The Institutional Review Board of Northwestern University approved all research and consent and assent were obtained both from the parent(s) or legal guardian(s) and the child. Children were acclimated to the testing location and equipment prior to experimental data being collected. They were allowed to visit the laboratory and interact with the tester on multiple occasions. Some children brought electrodes home with them to better familiarize themselves with the neurophysiological procedure.

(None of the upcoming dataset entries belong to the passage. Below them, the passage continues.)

(* Let $k_0>0$, $L>0$, $\mathbf n\in C^1([0,L],\mathbb{S}^2)$ and $\alpha\in C^1[0,L]$. Define $\mathbf e(t)=R_{\mathbf n(t),\alpha(t)}\mathbf e_3$ for $t\in[0,L]$, where $\mathbf e_3=(0,0,1)^\top$. Let $\mathbf y\in\mathbb{R}^3$ with $\|\mathbf y\|<\sqrt2\,k_0$, and let $t\in[0,L]$. Then there exist $k_1,k_2$ with $(k_1,k_2,t)\in\mathcal U$ and $T_+(k_1,k_2,t)=\mathbf y$ if and only if $$\mathbf y\cdot\mathbf e(t)=-\frac{\|\mathbf y\|^2}{2k_0}.$$ Moreover, $\operatorname{Card}(T_+^{-1}(\mathbf y))$ equals the number of solutions $t\in[0,L]$ of this equation.
   Context: $\mathbb{S}^2$ is the unit sphere in $\mathbb{R}^3$. For a unit vector $\mathbf n$ and angle $\alpha$, $R_{\mathbf n,\alpha}\mathbf y=(1-\cos\alpha)(\mathbf n\cdot\mathbf y)\mathbf n+\cos\alpha\,\mathbf y-\sin\alpha\,(\mathbf n\times\mathbf y)$. $\kappa=\kappa(k_1,k_2)=\sqrt{k_0^2-k_1^2-k_2^2}$. $\mathcal U=\{(k_1,k_2,t)\in\mathbb{R}^3:k_1^2+k_2^2<k_0^2,\ 0\le t\le L\}$, $T_+:\mathcal U\to\mathbb{R}^3$, $T_+(k_1,k_2,t)=R_{\mathbf n(t),\alpha(t)}(k_1,k_2,\kappa-k_0)^\top$, and $\operatorname{Card}(T_+^{-1}(\mathbf y))$ is the number of points of $\mathcal U$ mapped by $T_+$ to $\mathbf y$. *)

From Stdlib Require Import Reals Lra.
Open Scope R_scope.

Definition vec3 : Type := (R * R * R)%type.
Definition v3 (x y z : R) : vec3 := (x, y, z).
Definition vx (v : vec3) : R := fst (fst v).
Definition vy (v : vec3) : R := snd (fst v).
Definition vz (v : vec3) : R := snd v.

Definition dot (u v : vec3) : R := vx u * vx v + vy u * vy v + vz u * vz v.
Definition vnorm (u : vec3) : R := sqrt (dot u u).
Definition cross (u v : vec3) : vec3 :=
  v3 (vy u * vz v - vz u * vy v) (vz u * vx v - vx u * vz v) (vx u * vy v - vy u * vx v).
Definition vadd (u v : vec3) : vec3 := v3 (vx u + vx v) (vy u + vy v) (vz u + vz v).
Definition vscale (a : R) (u : vec3) : vec3 := v3 (a * vx u) (a * vy u) (a * vz u).

Definition e3 : vec3 := v3 0 0 1.

Definition rot (n : vec3) (a : R) (y : vec3) : vec3 :=
  vadd (vadd (vscale ((1 - cos a) * dot n y) n) (vscale (cos a) y))
       (vscale (- sin a) (cross n y)).

Definition kappa (k0 k1 k2 : R) : R := sqrt (k0 ^ 2 - k1 ^ 2 - k2 ^ 2).

Definition inU (k0 L k1 k2 t : R) : Prop := k1 ^ 2 + k2 ^ 2 < k0 ^ 2 /\ 0 <= t <= L.

Definition Tplus (n : R -> vec3) (alpha : R -> R) (k0 k1 k2 t : R) : vec3 :=
  rot (n t) (alpha t) (v3 k1 k2 (kappa k0 k1 k2 - k0)).

Definition evec (n : R -> vec3) (alpha : R -> R) (t : R) : vec3 :=
  rot (n t) (alpha t) e3.

(* C^1 on the closed interval [a,b]: derivative (one-sided at the endpoints,
   i.e. the difference quotient limit taken within [a,b]) exists at every point
   of [a,b] and is continuous on [a,b]. *)
Definition cont_on (f : R -> R) (a b : R) : Prop :=
  forall t, a <= t <= b -> forall eps, 0 < eps -> exists delta, 0 < delta /\
    forall s, a <= s <= b -> Rabs (s - t) < delta -> Rabs (f s - f t) < eps.

Definition has_deriv_on (f f' : R -> R) (a b : R) : Prop :=
  forall t, a <= t <= b -> forall eps, 0 < eps -> exists delta, 0 < delta /\
    forall s, a <= s <= b -> s <> t -> Rabs (s - t) < delta ->
      Rabs ((f s - f t) / (s - t) - f' t) < eps.

Definition C1_on (f : R -> R) (a b : R) : Prop :=
  exists f', has_deriv_on f f' a b /\ cont_on f' a b.

Definition C1_sphere (n : R -> vec3) (L : R) : Prop :=
  C1_on (fun t => vx (n t)) 0 L /\ C1_on (fun t => vy (n t)) 0 L /\
  C1_on (fun t => vz (n t)) 0 L /\
  (forall t, 0 <= t <= L -> vnorm (n t) = 1).

(* Equality of cardinalities of two (possibly infinite) sets:
   existence of a bijection between the corresponding subtypes. *)
Definition same_card {A B : Type} (P : A -> Prop) (Q : B -> Prop) : Prop :=
  exists (f : {x : A | P x} -> {y : B | Q y}) (g : {y : B | Q y} -> {x : A | P x}),
    (forall x, g (f x) = x) /\ (forall y, f (g y) = y).

Definition Tplus_preimage (n : R -> vec3) (alpha : R -> R) (k0 L : R) (y : vec3)
  (p : vec3) : Prop :=
  inU k0 L (vx p) (vy p) (vz p) /\ Tplus n alpha k0 (vx p) (vy p) (vz p) = y.

From Stdlib Require Import Reals Lra ProofIrrelevance.
Open Scope R_scope.

(** [R_{n,a}] is an isometry with inverse [R_{n,-a}], so [T_+(k1, k2, t) = y]
    iff [w := R_{n(t),-a(t)} y] is the point [(k1, k2, kappa - k0)] of the upper
    hemisphere of the sphere [|w + k0 e3| = k0].  That sphere is the quadric
    [w . e3 = - |w|^2 / (2 k0)], which rotates into the stated equation, and
    [|w| < sqrt 2 k0] puts [w] on the upper hemisphere, where [(k1, k2) = (w1, w2)]
    is forced.  Hence each slice [t = const] of the preimage has at most one point,
    and [(k1, k2, t) |-> t] is the bijection. *)

Lemma same_card_of_inverse_on {A B : Type} (P : A -> Prop) (Q : B -> Prop)
  (f : A -> B) (g : B -> A) :
  (forall x, P x -> Q (f x)) -> (forall y, Q y -> P (g y)) ->
  (forall x, P x -> g (f x) = x) -> (forall y, Q y -> f (g y) = y) ->
  same_card P Q.
Proof.
intros HPQ HQP Hgf Hfg.
exists (fun x => exist Q (f (proj1_sig x)) (HPQ _ (proj2_sig x))).
exists (fun y => exist P (g (proj1_sig y)) (HQP _ (proj2_sig y))).
split; [intros [x Hx] | intros [y Hy]]; apply subset_eq_compat; simpl; auto.
Qed.

Lemma eq_of_lin_comb (l r e1 e2 a1 a2 : R) :
  e1 = 0 -> e2 = 0 -> l - r = a1 * e1 + a2 * e2 -> l = r.
Proof. intros -> ->; lra. Qed.

Lemma rot_dot (n u w : vec3) (a : R) : dot n n = 1 ->
  dot (rot n a u) (rot n a w) = dot u w.
Proof.
intros Hn.
assert (Hn0 : dot n n - 1 = 0) by lra.
assert (Hsc : sin a ^ 2 + cos a ^ 2 - 1 = 0)
  by (pose proof (sin2_cos2 a); unfold Rsqr in *; lra).
(* Certificate for the identity modulo [|n|^2 = 1] and [sin^2 + cos^2 = 1]. *)
apply (eq_of_lin_comb _ _ _ _
  ((1 - cos a) ^ 2 * dot n u * dot n w + sin a ^ 2 * dot u w)
  (dot u w - dot n u * dot n w) Hn0 Hsc).
destruct n as [[n1 n2] n3], u as [[u1 u2] u3], w as [[w1 w2] w3].
unfold rot, vadd, vscale, cross, dot, v3, vx, vy, vz; simpl.
ring.
Qed.

Lemma rot_adjoint (n u w : vec3) (a : R) :
  dot (rot n (- a) u) w = dot u (rot n a w).
Proof.
destruct n as [[n1 n2] n3], u as [[u1 u2] u3], w as [[w1 w2] w3].
unfold rot, vadd, vscale, cross, dot, v3, vx, vy, vz; simpl.
rewrite cos_neg, sin_neg; ring.
Qed.

Lemma vec3_eq_of_dot (u v : vec3) :
  dot u u = dot u v -> dot v v = dot u v -> u = v.
Proof.
destruct u as [[u1 u2] u3], v as [[v1 v2] v3].
unfold dot, vx, vy, vz; simpl; intros Hu Hv.
assert (Hsum : (u1 - v1)² + (u2 - v2)² + (u3 - v3)² = 0) by (unfold Rsqr; lra).
pose proof (Rle_0_sqr (u1 - v1)); pose proof (Rle_0_sqr (u2 - v2)).
pose proof (Rle_0_sqr (u3 - v3)).
f_equal; [f_equal|]; apply Rminus_diag_uniq, Rsqr_0_uniq; lra.
Qed.

Lemma rotK (n u : vec3) (a : R) : dot n n = 1 -> rot n (- a) (rot n a u) = u.
Proof.
intros Hn.
assert (Hvv : dot (rot n (- a) (rot n a u)) (rot n (- a) (rot n a u)) = dot u u)
  by now rewrite !rot_dot.
assert (Hvu : dot (rot n (- a) (rot n a u)) u = dot u u)
  by now rewrite rot_adjoint, rot_dot.
apply vec3_eq_of_dot; congruence.
Qed.

Lemma rotKV (n u : vec3) (a : R) : dot n n = 1 -> rot n a (rot n (- a) u) = u.
Proof. intros Hn; rewrite <- (Ropp_involutive a) at 1; exact (rotK n u (- a) Hn). Qed.

Lemma vnorm_sq (v : vec3) : vnorm v ^ 2 = dot v v.
Proof.
apply pow2_sqrt.
destruct v as [[v1 v2] v3]; unfold dot, vx, vy, vz; simpl; nra.
Qed.

Lemma dot_lt_of_vnorm_lt (v : vec3) (c : R) : vnorm v < c -> dot v v < c ^ 2.
Proof.
intros Hv; rewrite <- vnorm_sq.
assert (0 <= vnorm v) by apply sqrt_pos.
nra.
Qed.

Definition ewald_point (k0 k1 k2 : R) : vec3 := v3 k1 k2 (kappa k0 k1 k2 - k0).

Lemma ewald_point_dot_e3 (k0 k1 k2 : R) : 0 < k0 -> k1 ^ 2 + k2 ^ 2 < k0 ^ 2 ->
  let v := ewald_point k0 k1 k2 in dot v e3 = - dot v v / (2 * k0).
Proof.
intros Hk0 Hk v.
assert (Hkappa : kappa k0 k1 k2 ^ 2 = k0 ^ 2 - k1 ^ 2 - k2 ^ 2)
  by (apply pow2_sqrt; lra).
unfold v, ewald_point, dot, e3, v3, vx, vy, vz; simpl.
set (kap := kappa k0 k1 k2) in *.
replace (k1 * k1 + k2 * k2 + (kap - k0) * (kap - k0)) with (2 * k0 * (k0 - kap))
  by lra.
field; lra.
Qed.

(* The equation forces [(k0 + w3)^2 = k0^2 - w1^2 - w2^2], and [|w|^2 < 2 k0^2]
   makes [k0 + w3] positive, so that [kappa] selects exactly this root. *)
Lemma ewald_point_of_dot_e3 (k0 : R) (w : vec3) : 0 < k0 -> dot w w < 2 * k0 ^ 2 ->
  dot w e3 = - dot w w / (2 * k0) ->
  vx w ^ 2 + vy w ^ 2 < k0 ^ 2 /\ ewald_point k0 (vx w) (vy w) = w.
Proof.
destruct w as [[w1 w2] w3].
unfold ewald_point, kappa, dot, e3, v3, vx, vy, vz; cbn [fst snd]; intros Hk0 Hw He.
assert (Hw3 : 2 * k0 * w3 = - (w1 * w1 + w2 * w2 + w3 * w3)).
{ replace w3 with (w1 * 0 + w2 * 0 + w3 * 1) at 1 by ring.
  rewrite He; field; lra. }
assert (Hpos : 0 < k0 + w3) by nra.
assert (Hsq : k0 ^ 2 - w1 ^ 2 - w2 ^ 2 = (k0 + w3) ^ 2) by nra.
split; [nra |].
rewrite Hsq, sqrt_pow2 by lra.
f_equal; ring.
Qed.

Section Fibre.

Variables (k0 : R) (N : vec3) (a : R) (y : vec3).
Hypotheses (k0_pos : 0 < k0) (N_unit : dot N N = 1) (y_small : vnorm y < sqrt 2 * k0).

Lemma rot_ewald_point_eq_iff (k1 k2 : R) :
  (k1 ^ 2 + k2 ^ 2 < k0 ^ 2 /\ rot N a (ewald_point k0 k1 k2) = y) <->
  (dot y (rot N a e3) = - (vnorm y ^ 2) / (2 * k0) /\
   k1 = vx (rot N (- a) y) /\ k2 = vy (rot N (- a) y)).
Proof.
split.
- intros [Hk <-].
  rewrite rotK, vnorm_sq, !rot_dot by exact N_unit.
  split; [exact (ewald_point_dot_e3 k0 k1 k2 k0_pos Hk) | split; reflexivity].
- intros [He [-> ->]].
  set (w := rot N (- a) y).
  assert (Hy : rot N a w = y) by exact (rotKV N y a N_unit).
  assert (Hw : dot w w < 2 * k0 ^ 2).
  { rewrite <- (rot_dot N w w a N_unit), Hy, <- (pow2_sqrt 2), <- Rpow_mult_distr by lra.
    now apply dot_lt_of_vnorm_lt. }
  rewrite <- Hy, vnorm_sq, !rot_dot in He by exact N_unit.
  destruct (ewald_point_of_dot_e3 k0 w k0_pos Hw He) as [Hk Hw'].
  split; [exact Hk | now rewrite Hw'].
Qed.

End Fibre.

Theorem proposition4p6 (k0 L : R) (n : R -> vec3) (alpha : R -> R) (y : vec3) :
  0 < k0 -> 0 < L ->
  C1_sphere n L -> C1_on alpha 0 L ->
  vnorm y < sqrt 2 * k0 ->
  (forall t, 0 <= t <= L ->
     ((exists k1 k2, inU k0 L k1 k2 t /\ Tplus n alpha k0 k1 k2 t = y) <->
      dot y (evec n alpha t) = - (vnorm y ^ 2) / (2 * k0))) /\
  same_card (Tplus_preimage n alpha k0 L y)
            (fun t => 0 <= t <= L /\ dot y (evec n alpha t) = - (vnorm y ^ 2) / (2 * k0)).
Proof.
intros Hk0 _ [_ [_ [_ Hn]]] _ Hy.
set (w t := rot (n t) (- alpha t) y).
assert (Hfibre : forall k1 k2 t, 0 <= t <= L ->
  (inU k0 L k1 k2 t /\ Tplus n alpha k0 k1 k2 t = y) <->
  (dot y (evec n alpha t) = - (vnorm y ^ 2) / (2 * k0) /\ k1 = vx (w t) /\ k2 = vy (w t))).
{ intros k1 k2 t Ht.
  assert (Hunit : dot (n t) (n t) = 1) by (rewrite <- vnorm_sq, Hn by exact Ht; ring).
  pose proof (rot_ewald_point_eq_iff k0 (n t) (alpha t) y Hk0 Hunit Hy k1 k2).
  unfold inU; tauto. }
split.
- intros t Ht; split.
  + intros [k1 [k2 Hk]]; apply (Hfibre k1 k2 t Ht), Hk.
  + intros He; exists (vx (w t)), (vy (w t)); apply (Hfibre _ _ t Ht); auto.
- apply same_card_of_inverse_on with vz (fun t => v3 (vx (w t)) (vy (w t)) t).
  + intros [[k1 k2] t] Hp; assert (Ht : 0 <= t <= L) by apply Hp.
    split; [exact Ht | apply (Hfibre k1 k2 t Ht), Hp].
  + intros t [Ht He]; apply (Hfibre _ _ t Ht); auto.
  + intros [[k1 k2] t] Hp; assert (Ht : 0 <= t <= L) by apply Hp.
    apply (Hfibre k1 k2 t Ht) in Hp as [_ [-> ->]]; reflexivity.
  + reflexivity.
Qed.
Lemma lfun_eigenvector (k : closedFieldType) (vT : vectType k) (phi : 'End(vT)) :
  (0 < dim vT)%N -> exists c, exists2 v, v != 0 & phi v = c *: v.
Proof.
move=> vT_gt0; pose e := vbasis {:vT}; have e_basis : basis_of fullv e := vbasisP _.
have [c] : exists c, root (char_poly (mxof e e phi)) c.
  by apply/closed_rootP; rewrite size_char_poly dimvf; case: (dim vT) vT_gt0.
rewrite -eigenvalue_root_char => /eigenvalueP[v phiv v_neq0].
exists c, (vecof e v); first by rewrite vecof_eq0.
apply: (can_inj (rVofK e_basis)).
by rewrite -mul_mxof phiv linearZ /= vecofK.
Qed.

End Eigenvector.

Section Residue.
Variables (k : fieldType) (A : falgType k) (M : {vspace A}).
Hypotheses (idM : is_ideal M) (properM : M != fullv).
Hypothesis M_residue : forall a, exists c, a - c%:A \in M.

Lemma residue_unique a c c' : a - c%:A \in M -> a - c'%:A \in M -> c = c'.
Proof.
move=> Mc Mc'; apply/eqP/negPn/negP => neq_cc'.
have : (c' - c)%:A \in M.
  by have := memvB Mc Mc'; rewrite opprB addrC -!addrA addKr scalerBl addrC.
move/(memvZ (c' - c)^-1); rewrite scalerA mulVf ?subr_eq0 1?eq_sym // scale1r.
by apply/negP; apply: one_notin_proper_ideal.
Qed.

Definition residue a := xchoose (M_residue a).

Lemma residueP a : a - (residue a)%:A \in M.
Proof. exact: (xchooseP (M_residue a)). Qed.

Lemma residue_linear : linear_for *%R residue.
Proof.
move=> r a b /=; apply: (residue_unique (residueP (r *: a + b))).
suff -> : r *: a + b - (r * residue a + residue b)%:A =
          r *: (a - (residue a)%:A) + (b - (residue b)%:A) by rewrite memvD ?memvZ ?residueP.
by rewrite scalerDl -scalerA scalerBr opprD addrACA.
Qed.

Lemma residue1 : residue 1 = 1.
Proof. by apply: (residue_unique (residueP 1)); rewrite scale1r subrr mem0v. Qed.

Hypothesis Acomm : forall x y : A, x * y = y * x.

Lemma residueM a b : residue (a * b) = residue a * residue b.
Proof.
apply: (residue_unique (residueP (a * b))).
have -> : a * b - (residue a * residue b)%:A =
          b * (a - (residue a)%:A) + residue a *: (b - (residue b)%:A).
  by rewrite [b * _]Acomm mulrBl mulr_algl scalerBr scalerA addrA subrK.
by rewrite memvD ?memvZ ?idM ?residueP.
Qed.

End Residue.

Lemma standard_graded_residue (k : closedFieldType) (A : falgType k) n
    (Ai : nat -> {vspace A}) :
  standard_graded n Ai -> forall a, exists c, a - c%:A \in graded_tail n Ai 1.
Proof.
move=> std a; have [c [v v_neq0]] := lfun_eigenvector (amull a) (FalgType_proper A).
rewrite lfunE /= => av; exists c; apply/negPn/negP => /(standard_graded_linv std)[d da].
move/eqP: v_neq0; apply; rewrite -[v]mul1r -da -mulrA mulrBl.
by rewrite av mulr_algl subrr mulr0.
Qed.

Section Degree1Derivation.
Variables (k : fieldType) (A : falgType k) (n : nat) (Ai : nat -> {vspace A}).
Hypothesis graded : graded_algebra n Ai.
Variable chi : A -> k.
Hypothesis chiP : forall a, a - (chi a)%:A \in graded_tail n Ai 1.

Definition degree1_proj := daddv_pi (Ai 1) (<[1]> + graded_tail n Ai 2).

Lemma degree1_proj_id x : x \in Ai 1 -> degree1_proj x = x.
Proof. exact: daddv_pi_id (graded_component1_direct graded). Qed.

Lemma degree1_proj_eq0 v : v \in (<[1]> + graded_tail n Ai 2)%VS -> degree1_proj v = 0.
Proof.
move=> Vv; have dir := graded_component1_direct graded.
have dir' : ((<[1]> + graded_tail n Ai 2) :&: Ai 1 = 0)%VS by rewrite capvC.
have := daddv_pi_add dir (subvP (addvSr (Ai 1) _) v Vv).
by rewrite (daddv_pi_id dir' Vv) => /(canRL (addrK _)); rewrite subrr.
Qed.

Lemma degree1_proj_leibniz a b :
  degree1_proj (a * b) = chi a *: degree1_proj b + chi b *: degree1_proj a.
Proof.
have p1 : degree1_proj 1 = 0.
  by apply: degree1_proj_eq0; rewrite (subvP (addvSl _ _)) ?memv_line.
have pC c x : degree1_proj (x - c%:A) = degree1_proj x.
  by rewrite linearB linearZ /= p1 scaler0 subr0.
(* (ma + ca)(mb + cb) - ca mb - cb ma = ma mb + ca cb lies in A_{>=2} + k. *)
have p_shiftM ma mb ca cb : ma \in graded_tail n Ai 1 -> mb \in graded_tail n Ai 1 ->
    degree1_proj ((ma + ca%:A) * (mb + cb%:A)) = ca *: degree1_proj mb + cb *: degree1_proj ma.
  move=> ma1 mb1; have pM0 : degree1_proj (ma * mb) = 0.
    by rewrite degree1_proj_eq0 // (subvP (addvSr _ _)) // (graded_tail_mul graded ma1 mb1).
  rewrite mulrDl !mulrDr mulr_algr !mulr_algl !linearD !linearZ /= linearZ /=.
  by rewrite p1 pM0 !scaler0 add0r addr0 addrC.
by have := p_shiftM _ _ (chi a) (chi b) (chiP a) (chiP b); rewrite !subrK !pC.
Qed.

End Degree1Derivation.

Section TruncatedPolynomials.
Variable k : fieldType.

Lemma trunc_mul_row N (g h : nat -> k) :
  trunc_mul (\row_(i < N.+1) g i) (\row_(i < N.+1) h i) =
  \row_(i < N.+1) \sum_(l < i.+1) g l * h (i - l)%N.
Proof.
apply/rowP => i; rewrite !mxE coefM; apply: eq_bigr => l _.
have lN : (l < N.+1)%N by apply: leq_ltn_trans (ltn_ord i); rewrite -ltnS.
have ilN : (i - l < N.+1)%N by apply: leq_ltn_trans (ltn_ord i); rewrite leq_subr.
by rewrite /trunc_poly !coef_poly lN ilN !mxE !inordK.
Qed.

Lemma two_le_dimv_row m (V : {vspace 'rV[k]_m}) (u v : 'rV[k]_m) (i j : 'I_m) :
  u \in V -> v \in V -> u 0 i = 1 -> v 0 i = 0 -> v 0 j = 1 -> (2 <= \dim V)%N.
Proof.
move=> Vu Vv ui vi vj.
have uv_free : free [:: u; v].
  rewrite free_cons seq1_free span_seq1; apply/andP; split.
    apply/vlineP => -[c uc]; move/eqP: ui; rewrite uc mxE vi mulr0 eq_sym.
    by rewrite oner_eq0.
  by apply/eqP => v0; move/eqP: vj; rewrite v0 mxE eq_sym oner_eq0.
have : (<<[:: u; v]>> <= V)%VS.
  by apply/span_subvP => w; rewrite !inE => /orP[] /eqP ->.
by move/dimvS; rewrite (eqP uv_free).
Qed.

Variable A : falgType k.

Lemma linfun_of_linear m (F : A -> 'rV[k]_m) :
  linear F -> exists alpha : 'Hom(A, 'rV[k]_m), alpha =1 F.
Proof.
move=> linF; pose L : {linear A -> 'rV[k]_m} := HB.pack F (GRing.isLinear.Build _ _ _ _ F linF).
by exists (linfun L) => a; rewrite lfunE.
Qed.

Lemma trunc_alg_hom_derivations (chi D1 D2 : A -> k) :
  linear_for *%R chi -> linear_for *%R D1 -> linear_for *%R D2 ->
  chi 1 = 1 -> (forall a b, chi (a * b) = chi a * chi b) ->
  (forall a b, D1 (a * b) = chi a * D1 b + chi b * D1 a) ->
  (forall a b, D2 (a * b) = chi a * D2 b + chi b * D2 a) ->
  exists alpha : 'Hom(A, 'rV[k]_4), trunc_alg_hom alpha /\
    alpha =1 fun a => \row_(i < 4) [:: chi a; 0; D1 a; D2 a]`_i.
Proof.
move=> chiL D1L D2L chi1 chiM D1M D2M.
have [alpha alphaE] : exists alpha : 'Hom(A, 'rV[k]_4),
    alpha =1 fun a => \row_(i < 4) [:: chi a; 0; D1 a; D2 a]`_i.
  apply: linfun_of_linear => r a b; apply/rowP => i; rewrite !mxE.
  by case: i => -[|[|[|[|i]]]] //= _; rewrite ?chiL ?D1L ?D2L ?mulr0 ?addr0.
have der1 D : (forall a b, D (a * b) = chi a * D b + chi b * D a) -> D 1 = 0.
  by move=> DM; have := DM 1 1; rewrite mul1r chi1 !mul1r => /esym/(canRL (addrK _)); rewrite subrr.
exists alpha; split=> //; split=> [|a b]; rewrite !alphaE.
  apply/rowP => i; rewrite !mxE.
  by case: i => -[|[|[|[|i]]]] //= _; rewrite ?chi1 ?der1.
(* The row is chi a + D1 a t^2 + D2 a t^3; mod t^4 no product of two
   derivation terms survives. *)
rewrite trunc_mul_row; apply/rowP => i; rewrite !mxE.
case: i => -[|[|[|[|i]]]] //= _; rewrite !big_ord_recr big_ord0 /= ?mulr0 ?mul0r.
- by rewrite chiM add0r.
- by rewrite !addr0.
- by rewrite D1M !addr0 add0r [D1 a * _]mulrC.
- by rewrite D2M !addr0 add0r [D2 a * _]mulrC.
Qed.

Of the 45 children originally recruited for this study, six (all children with ASD) were excluded for the following reasons: abnormal click-evoked brainstem responses (N=2), mental ability below inclusion cutoff (N=1), non-compliance resulting in inability to test (N=1), parental decision to discontinue due to the required time commitment of the study (N=1) and relocation (N=1). Participants included 21 verbal children with ASD (N=19 boys, 2 girls) and 18 typically-developing children (TD, N= 10 boys, 8 girls). Age range was 7-13 years old and mean age (SD) did not differ between groups (TD, M = 9.7, SD = 1.934 vs. ASD, M = 9.90, SD = 1.921; independent two-tailed t-test; t(37) = .295, p = .77).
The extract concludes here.